== PROVIDED ENTRIES ==

>>>

Lemma otherK (h : H) : iota (iota h) = h.
Proof. by case: HG => A _; case: (A h). Qed.

Lemma other_neq (h : H) : iota h != h.
Proof. by case: HG => A _; case: (A h). Qed.

Lemma edge_other (h : H) : e (iota h) = e h.
Proof. by case: HG => A _; case: (A h). Qed.

Lemma same_edge (h h' : H) : e h = e h' -> h' = h \/ h' = iota h.
Proof. by case: HG => _ [A _]; apply: A. Qed.

Lemma mult_succ (h : H) : m (sg h) = m h.
Proof. by case: HG => _ [_ [_ [_ [_ [A _]]]]]; case: (A h). Qed.

Lemma mult_gt0 (h : H) : (0 < m h)%N.
Proof. by case: HG => _ [_ [_ [_ [_ [A _]]]]]; case: (A h). Qed.

Lemma quant_neq0 (h : H) :
  ~~ trunc_at h -> ~~ trunc_at (iota h) -> @quant K G h != 0.
Proof. by case: HG => _ [_ [_ [_ [_ [_ Q]]]]]; apply: Q. Qed.

Lemma valency_conn (x y : H) : fconnect sg x y -> valency y = valency x.
Proof.
move=> cxy; apply: eq_card => z; rewrite !inE.
apply/idP/idP => [cyz|cxz]; first exact: connect_trans cxy cyz.
by apply: connect_trans cxz; rewrite (fconnect_sym (@perm_inj _ sg)).
Qed.

Lemma mult_conn (x y : H) : fconnect sg x y -> m y = m x.
Proof.
move=> cxy; rewrite -(iter_findex cxy); elim: (findex _ x y) => //= n IH.
by rewrite mult_succ IH.
Qed.

Lemma trunc_conn (x y : H) : fconnect sg x y -> trunc_at y = trunc_at x.
Proof. by move=> cxy; rewrite /trunc_at (valency_conn cxy) (mult_conn cxy). Qed.

Lemma valency_succ (h : H) : valency (sg h) = valency h.
Proof. exact/valency_conn/fconnect1. Qed.

Lemma trunc_succ (h : H) : trunc_at (sg h) = trunc_at h.
Proof. exact/trunc_conn/fconnect1. Qed.

Lemma iter_valency (h : H) k : iter (valency h * k) sg h = h.
Proof.
elim: k => [|k IH]; first by rewrite muln0.
by rewrite mulnS iterD IH /valency (iter_order (@perm_inj _ sg)).
Qed.

Lemma valency1P (h : H) : reflect (sg h = h) (valency h == 1%N).
Proof.
apply: (iffP eqP) => [v1|sh]; first by have := iter_valency h 1; rewrite v1.
apply/eqP/card1P; exists h => y; rewrite !inE.
apply/idP/eqP => [c|->]; last exact: connect0.
by rewrite -(iter_findex c); elim: (findex _ h y) => //= n ->.
Qed.

Lemma trunc_valency (h : H) : trunc_at h -> valency h = 1%N.
Proof. by case/andP => /eqP. Qed.

Hypothesis notA2 : ~ is_A2 G.

(* Outside A_2 no edge has two endpoints of valency one: then the edge would
   be a connected component, hence the whole graph. *)
Lemma notA2_valency (h : H) :
  valency h = 1%N -> valency (iota h) = 1%N -> False.
Proof.
move=> /eqP/valency1P s1 /eqP/valency1P s2; apply: notA2.
pose two x := (x == h) || (x == iota h).
have step x z : two x -> (z == sg x) || (z == iota x) -> two z.
  by rewrite /two => /orP[]/eqP-> /orP[]/eqP->; rewrite ?s1 ?s2 ?otherK eqxx ?orbT.
have all_two y : two y.
  case: HG => _ [_ [_ [_ [C _]]]]; have /connectP[p pp ->] := C h y.
  have : two h by rewrite /two eqxx.
  elim: p (h) pp => [|z p IH] x /= => [_ //|/andP[xz pp] tx].
  exact: IH pp (step _ _ tx xz).
split=> [|y]; last by case/orP: (all_two y) => /eqP->.
apply/eqP/card1P; exists (e h) => s; rewrite !inE.
case: HG => _ [_ [Es _]]; have [y <-] := Es s.
by case/orP: (all_two y) => /eqP->; rewrite ?edge_other eqxx.
Qed.


Lemma other_trunc_valency (h : H) :
  trunc_at h -> (1 < valency (iota h))%N.
Proof.
move=> th; have := fingraph.order_gt0 sg (iota h); rewrite -/(valency _).
case E: (valency (iota h)) => [|[|n]] // _.
by case: (notA2_valency (trunc_valency th) E).
Qed.

Lemma other_trunc_not_trunc (h : H) :
  trunc_at h -> ~~ trunc_at (iota h).
Proof. by move=> th; rewrite /trunc_at (gtn_eqF (other_trunc_valency th)). Qed.

Lemma Cpow_traject (h : H) k : (Cpow h k).2 = traject sg h (valency h * k).
Proof.
rewrite /Cpow /cycle_arrows /=; elim: k => [|k IH]; first by rewrite muln0.
by rewrite /= IH mulnS trajectD -[X in iter X]muln1 iter_valency.
Qed.

Lemma size_Cpow (h : H) k : size (Cpow h k).2 = (valency h * k)%N.
Proof. by rewrite Cpow_traject size_traject. Qed.

Lemma Cpow_head (h : H) : exists t, (Cpow h (m h)).2 = h :: t.
Proof.
rewrite Cpow_traject.
have : (0 < valency h * m h)%N by rewrite muln_gt0 fingraph.order_gt0 mult_gt0.
by case: (valency h * m h)%N => [|n] //= _; eexists.
Qed.

Lemma mem_Cpow (h : H) k y : y \in (Cpow h k).2 -> fconnect sg h y.
Proof. by rewrite Cpow_traject => /trajectP[i _ ->]; apply: fconnect_iter. Qed.

Lemma tgt_Cpow (h : H) k : tgt (Cpow h k) = e h.
Proof.
rewrite /tgt Cpow_traject; case E: (valency h * k)%N => [|n] //=.
by rewrite last_traject -iterS -E iter_valency.
Qed.

Lemma Cpow_rot (h : H) k : (Cpow h k).2 ++ [:: h] = h :: (Cpow (sg h) k).2.
Proof.
by rewrite !Cpow_traject valency_succ cats1 -trajectS trajectSr iter_valency.
Qed.

Lemma infix_pair_Cpow (h a b : H) k : infix [:: a; b] (Cpow h k).2 -> b = sg a.
Proof.
rewrite Cpow_traject; case: (valency h * k)%N => [|n] //=.
exact/infix_pair_fpath/fpath_traject.
Qed.

Lemma Cpow_infix_inj (g h : H) :
  infix (Cpow g (m g)).2 (Cpow h (m h)).2 -> g = h.
Proof.
move=> inf; have [t Et] := Cpow_head g; have [t' Et'] := Cpow_head h.
have cg : fconnect sg h g.
  by apply: (@mem_Cpow _ (m h)); apply: (mem_infix inf); rewrite Et mem_head.
have := infix_size_eq inf; rewrite !size_Cpow {1}Et Et'.
by rewrite (valency_conn cg) (mult_conn cg) => /(_ erefl) [].
Qed.

Lemma Cpow_other_neq (h : H) : Cpow h (m h) != Cpow (iota h) (m (iota h)).
Proof.
apply/eqP => /(congr1 snd); have [t ->] := Cpow_head h.
have [t' ->] := Cpow_head (iota h); case=> /eqP.
by rewrite eq_sym (negbTE (other_neq h)).
Qed.

Lemma tgt_cat (v : E) (s : seq H) a t : tgt (v, s ++ a :: t) = e (sg (last a t)).
Proof. by case: s => [|b s]; rewrite /tgt /= ?last_cat. Qed.

Lemma tgt_cat_Cpow (v : E) (s : seq H) (h : H) :
  tgt (v, s ++ (Cpow h (m h)).2) = e h.
Proof.
have [t Et] := Cpow_head h; rewrite Et tgt_cat.
by have := tgt_Cpow h (m h); rewrite /tgt Et.
Qed.

Lemma valid_cat (v : E) (s t : seq H) :
  valid (v, s) -> valid (tgt (v, s), t) -> valid (v, s ++ t).
Proof.
case: s => [|a s] //; rewrite /valid /= => /and3P[ea ps oks].
case: t => [|b t]; first by rewrite cats0 ea ps oks.
rewrite /tgt /= => /and3P[eb pt okt].
rewrite ea cat_path ps /= eq_sym eb pt all_cat /=.
by case/andP: oks => -> ->; case/andP: okt => -> ->.
Qed.

Lemma valid_behead (v : E) (a : H) (s : seq H) :
  valid (v, a :: s) -> valid (e (sg a), s).
Proof.
case: s => [|b s] //; rewrite /valid /= => /and3P[_ /andP[eab ps] /andP[_ oks]].
by rewrite -(eqP eab) eqxx ps oks.
Qed.

Lemma valid_Cpow (h : H) : ~~ trunc_at h -> valid (Cpow h (m h)).
Proof.
move=> nh; rewrite /valid Cpow_traject.
have : (0 < valency h * m h)%N by rewrite muln_gt0 fingraph.order_gt0 mult_gt0.
case: (valency h * m h)%N => [|n] //= _; rewrite eqxx /=; apply/andP; split.
  by apply: sub_path (fpath_traject sg h n) => x y /eqP <-.
rewrite /arrow_ok nh /=; apply/allP => z /trajectP[i _ ->].
by rewrite (trunc_conn (fconnect_iter _ _ _)) trunc_succ.
Qed.

Local Notation qpath := (qpath G).
Local Notation qfun := (qfun G).
Local Notation BR := (@brauer_relations K G).

Definition rel2_path (h : H) : qpath :=
  (e h, (Cpow (iota h) (m (iota h))).2 ++ [:: iota h]).

Lemma rel1_support (h : H) u : rel1 h u != 0 ->
  u = Cpow h (m h) \/ u = Cpow (iota h) (m (iota h)).
Proof.
rewrite /rel1 /pathf; case: (u =P Cpow h (m h)) => [->|_]; first by left.
by case: (u =P _) => [->|_]; [right | rewrite !mulr0 subrr eqxx].
Qed.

<<<

== INSTRUCTIONS TO FOLLOW ==
Nothing but an exact copy of the lines from the first one above through the line holding "Lemma same_edge (h" should be returned.

== TASK RESPONSE ==
Lemma otherK (h : H) : iota (iota h) = h.
Proof. by case: HG => A _; case: (A h). Qed.

Lemma other_neq (h : H) : iota h != h.
Proof. by case: HG => A _; case: (A h). Qed.

Lemma edge_other (h : H) : e (iota h) = e h.
Proof. by case: HG => A _; case: (A h). Qed.

Lemma same_edge (h h' : H) : e h = e h' -> h' = h \/ h' = iota h.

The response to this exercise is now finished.